=== Your assignment ===
The entries below hold a line with "Definition restr (m" and a line with "fun m S => c". Return those lines and all that lie between them, exactly and only.
- - - -
(* Let $G=S_\infty$, let $M\subseteq S(G)$ be a minimal subflow and $\alpha\in M$. The following are equivalent: (1) $\alpha$ is an idempotent; (2) for every $<\,\in\mathrm{LO}(\omega)$, $(<,<^\alpha)\in A^M$; (3) there is $<\,\in\mathrm{LO}(\omega)$ with $(<,<^\alpha)\in A^M$.
   Context: View $S_\infty$ as the automorphism group of $\omega$ in the empty language, $\mathbf{A}_n=\{0,\dots,n-1\}$, $H_n$ the injections $n\to\omega$. $S(G)$ is the inverse limit of the spaces $\beta H_n$ along continuous extensions of restriction maps, $\alpha(n)$ the $n$-th coordinate, with right action $S\in(\alpha g)(m)$ iff $\{x\in H_n:x\circ g|_m\in S\}\in\alpha(n)$ (for $n$ large); $G$ is dense in $S(G)$. For $f\in H_m$, $\alpha\cdot f=(\alpha g)(m)$ for any $g$ extending $f$; product: $S\in(\alpha\gamma)(m)$ iff $\{f\in H_m:S\in\alpha\cdot f\}\in\gamma(m)$; idempotent means $\alpha\alpha=\alpha$. A minimal subflow is a nonempty closed $G$-invariant set with no proper such subset. $\mathrm{LO}(\omega)$ is the space of linear orders on $\omega$ (a closed subspace of $2^{H_2}$) with right action $a\,(<\cdot g)\,b\iff g(a)<g(b)$; for $\alpha\in S(G)$, $<^\alpha=<\cdot\alpha=\lim_{g_i\to\alpha}<\cdot g_i$ ($g_i\in G$). $\mathcal{F}^M_2=\{T\subseteq H_2:T\in\beta(2)\ \forall\beta\in M\}$; $\phi:H_2\to[\omega]^2$ forgets order and $\phi(\mathcal{F})=\{T:\phi^{-1}(T)\in\mathcal{F}\}$. $A(<_0,<_1)=\{\{a,b\}\in[\omega]^2:(a<_0b\iff a<_1b)\}$; $A^M=\{(<_0,<_1):A(<_0,<_1)\in\phi(\mathcal{F}^M_2)\}$. *)

From mathcomp Require Import all_boot.
From mathcomp Require Import boolp classical_sets.
Set Implicit Arguments. Unset Strict Implicit. Unset Printing Implicit Defensive.
Local Open Scope classical_set_scope.

(* H_n : injections n -> omega, encoded as duplicate-free sequences of
   naturals of length n (x i = nth 0 x i).  Subsets of H_n are sets of
   sequences; only their trace on H_n matters. *)
Definition Hn (n : nat) : set (seq nat) := [set s | uniq s /\ size s = n].

Definition restr (m : nat) (x : seq nat) : seq nat := take m x.

Definition compH (x f : seq nat) : seq nat := map (nth 0 x) f.

(* U is an ultrafilter on the set A (subsets taken up to trace on A):
   an element of beta A. *)
Definition ultra_on {T : Type} (A : set T) (U : set (set T)) : Prop :=
  [/\ U A, ~ U set0,
      (forall S S', U S -> U S' -> U (S `&` S')),
      (forall S S', U S -> S `&` A `<=` S' -> U S')
    & (forall S, U S \/ U (~` S))].

Definition SGpt := nat -> set (set (seq nat)).

(* S(G) = inverse limit of the beta H_n along the extended restrictions *)
Definition is_SG (a : SGpt) : Prop :=
  (forall n, ultra_on (Hn n) (a n)) /\
  (forall m n, m <= n -> forall S,
      a m S <-> a n [set x | S (restr m x)]).

Definition inG (g : nat -> nat) : Prop := bijective g.

Definition gres (g : nat -> nat) (m : nat) : seq nat := map g (iota 0 m).

(* right action: S in (a g)(m) iff {x in H_n : x o g|_m in S} in a(n), n large *)
Definition act (a : SGpt) (g : nat -> nat) : SGpt :=
  fun m S => exists N, forall n, N <= n ->
    a n [set x | Hn n x /\ S (compH x (gres g m))].

Definition dotf (a : SGpt) (f : seq nat) : set (set (seq nat)) :=
  fun S => exists N, forall n, N <= n ->
    a n [set x | Hn n x /\ S (compH x f)].

Definition mulSG (a c : SGpt) : SGpt :=
  fun m S => c m [set f | Hn m f /\ dotf a f S].

Definition idempotentSG (a : SGpt) : Prop :=
  forall m S, mulSG a a m S <-> a m S.

(* Topology of S(G): basic open sets {b | S in b(n)}.  A subset M of S(G)
   is closed iff every point of S(G) outside M has a basic neighbourhood
   disjoint from M. *)
Definition closedSG (M : set SGpt) : Prop :=
  forall a, is_SG a -> ~ M a ->
    exists n S, a n S /\ forall b, M b -> ~ b n S.

Definition G_invariant (M : set SGpt) : Prop :=
  forall a g, M a -> inG g -> M (act a g).

Definition subflow (M : set SGpt) : Prop :=
  [/\ M `<=` is_SG, M !=set0, closedSG M & G_invariant M].

Definition minimal_subflow (M : set SGpt) : Prop :=
  subflow M /\ forall N, subflow N -> N `<=` M -> N = M.

Definition LO (R : nat -> nat -> Prop) : Prop :=
  [/\ (forall a, ~ R a a),
      (forall a b c, R a b -> R b c -> R a c)
    & (forall a b, a <> b -> R a b \/ R b a)].

(* <^alpha = < . alpha = lim_{g_i -> alpha} < . g_i, where
   a (< . g) b iff g a < g b.  Evaluated at the pair (a,b) this limit is
   determined by whether {x in H_n : x a < x b} belongs to alpha(n). *)
Definition order_act (R : nat -> nat -> Prop) (a : SGpt) : nat -> nat -> Prop :=
  fun i j => exists N, forall n, N <= n ->
    a n [set x | Hn n x /\ R (nth 0 x i) (nth 0 x j)].

Definition FM2 (M : set SGpt) : set (set (seq nat)) :=
  [set T | forall b, M b -> b 2 T].

(* [omega]^2, encoding {a,b} as the pair (min, max) *)
Definition omega2 : set (nat * nat) := [set p | p.1 < p.2].

Definition phi (x : seq nat) : nat * nat :=
  (minn (nth 0 x 0) (nth 0 x 1), maxn (nth 0 x 0) (nth 0 x 1)).

Definition phiF (F : set (set (seq nat))) : set (set (nat * nat)) :=
  [set T | F (phi @^-1` T)].

Definition Aset (R0 R1 : nat -> nat -> Prop) : set (nat * nat) :=
  [set p | omega2 p /\ (R0 p.1 p.2 <-> R1 p.1 p.2)].

Definition AM (M : set SGpt) (R0 R1 : nat -> nat -> Prop) : Prop :=
  phiF (FM2 M) (Aset R0 R1).

From mathcomp Require Import all_boot.
From mathcomp Require Import boolp classical_sets filter.
Set Implicit Arguments. Unset Strict Implicit. Unset Printing Implicit Defensive.
Local Open Scope classical_set_scope.

(* (1) => (2): an idempotent [a] of the minimal flow [M] is a left unit of [M],
   so every [b] in [M] satisfies [b = a b].  At level 2 this says that [b 2]
   contains [{y | y0 < y1}] iff it contains [{y | y0 <^a y1}], i.e. almost every
   pair is ordered alike by [<] and [<^a].
   (3) => (1): applying the hypothesis to [b = a g], where [g] maps 0, 1 to
   [i], [j], gives [(<^a)^a = <^a].  Hence both [a m] and [(a a) m] contain the
   set [P] of injections of [m] whose [<]-pattern is [<^a] restricted to [m].
   If they differed they would contain disjoint [S1, S2] included in [P].
   Colour each [m]-set [I] of [omega] by whether almost every [x] maps some
   enumeration of [I] into [S_k].  Ramsey's theorem gives an infinite set that
   is homogeneous for both colourings; it cannot have colour "yes" for both,
   since an enumeration of [I] is determined by its pattern, and colour "no"
   for [S_k] yields a point of [M] avoiding [S_k] below a given level [K].  A
   compactness argument and minimality then make every point of [M], [a]
   included, avoid [S1] at every level or [S2] at every level, contradicting
   that [S1] belongs to [(a a) m] and [S2] to [a m]. *)

Lemma nth_compH x f i : i < size f -> nth 0 (compH x f) i = nth 0 x (nth 0 f i).
Proof. by move=> hi; rewrite /compH (nth_map 0). Qed.

Lemma size_compH x f : size (compH x f) = size f.
Proof. by rewrite size_map. Qed.

Lemma compHA x f h : all (fun i => i < size f) h ->
  compH (compH x f) h = compH x (compH f h).
Proof.
move=> /allP hh; rewrite /compH -map_comp; apply/eq_in_map => i /hh hi /=.
by rewrite (nth_map 0).
Qed.

Lemma compH_take N x f : all (fun i => i < N) f -> compH (take N x) f = compH x f.
Proof.
by move=> /allP hf; rewrite /compH; apply/eq_in_map => i /hf hi; rewrite nth_take.
Qed.

Lemma uniq_compH x f : uniq x -> uniq f -> all (fun i => i < size x) f ->
  uniq (compH x f).
Proof.
move=> ux uf /allP hf; rewrite /compH map_inj_in_uniq // => i j /hf hi /hf hj.
by move/eqP; rewrite nth_uniq // => /eqP.
Qed.

Lemma compH_iota x : compH x (iota 0 (size x)) = x.
Proof. by rewrite /compH map_nth_iota0 // take_size. Qed.

Definition bound (s : seq nat) : nat := (\max_(i <- s) i).+1.

Lemma bound_gt s i : i \in s -> i < bound s.
Proof. by move=> si; rewrite ltnS (leq_bigmax_seq (F := id) _ si). Qed.

Lemma all_bound s N : bound s <= N -> all (fun i => i < N) s.
Proof. by move=> h; apply/allP => i /bound_gt /leq_trans; apply. Qed.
- - - -
=== Answer to the problem ===
Definition restr (m : nat) (x : seq nat) : seq nat := take m x.

Definition compH (x f : seq nat) : seq nat := map (nth 0 x) f.

(* U is an ultrafilter on the set A (subsets taken up to trace on A):
   an element of beta A. *)
Definition ultra_on {T : Type} (A : set T) (U : set (set T)) : Prop :=
  [/\ U A, ~ U set0,
      (forall S S', U S -> U S' -> U (S `&` S')),
      (forall S S', U S -> S `&` A `<=` S' -> U S')
    & (forall S, U S \/ U (~` S))].

Definition SGpt := nat -> set (set (seq nat)).

(* S(G) = inverse limit of the beta H_n along the extended restrictions *)
Definition is_SG (a : SGpt) : Prop :=
  (forall n, ultra_on (Hn n) (a n)) /\
  (forall m n, m <= n -> forall S,
      a m S <-> a n [set x | S (restr m x)]).

Definition inG (g : nat -> nat) : Prop := bijective g.

Definition gres (g : nat -> nat) (m : nat) : seq nat := map g (iota 0 m).

(* right action: S in (a g)(m) iff {x in H_n : x o g|_m in S} in a(n), n large *)
Definition act (a : SGpt) (g : nat -> nat) : SGpt :=
  fun m S => exists N, forall n, N <= n ->
    a n [set x | Hn n x /\ S (compH x (gres g m))].

Definition dotf (a : SGpt) (f : seq nat) : set (set (seq nat)) :=
  fun S => exists N, forall n, N <= n ->
    a n [set x | Hn n x /\ S (compH x f)].

Definition mulSG (a c : SGpt) : SGpt :=
  fun m S => c m [set f | Hn m f /\ dotf a f S].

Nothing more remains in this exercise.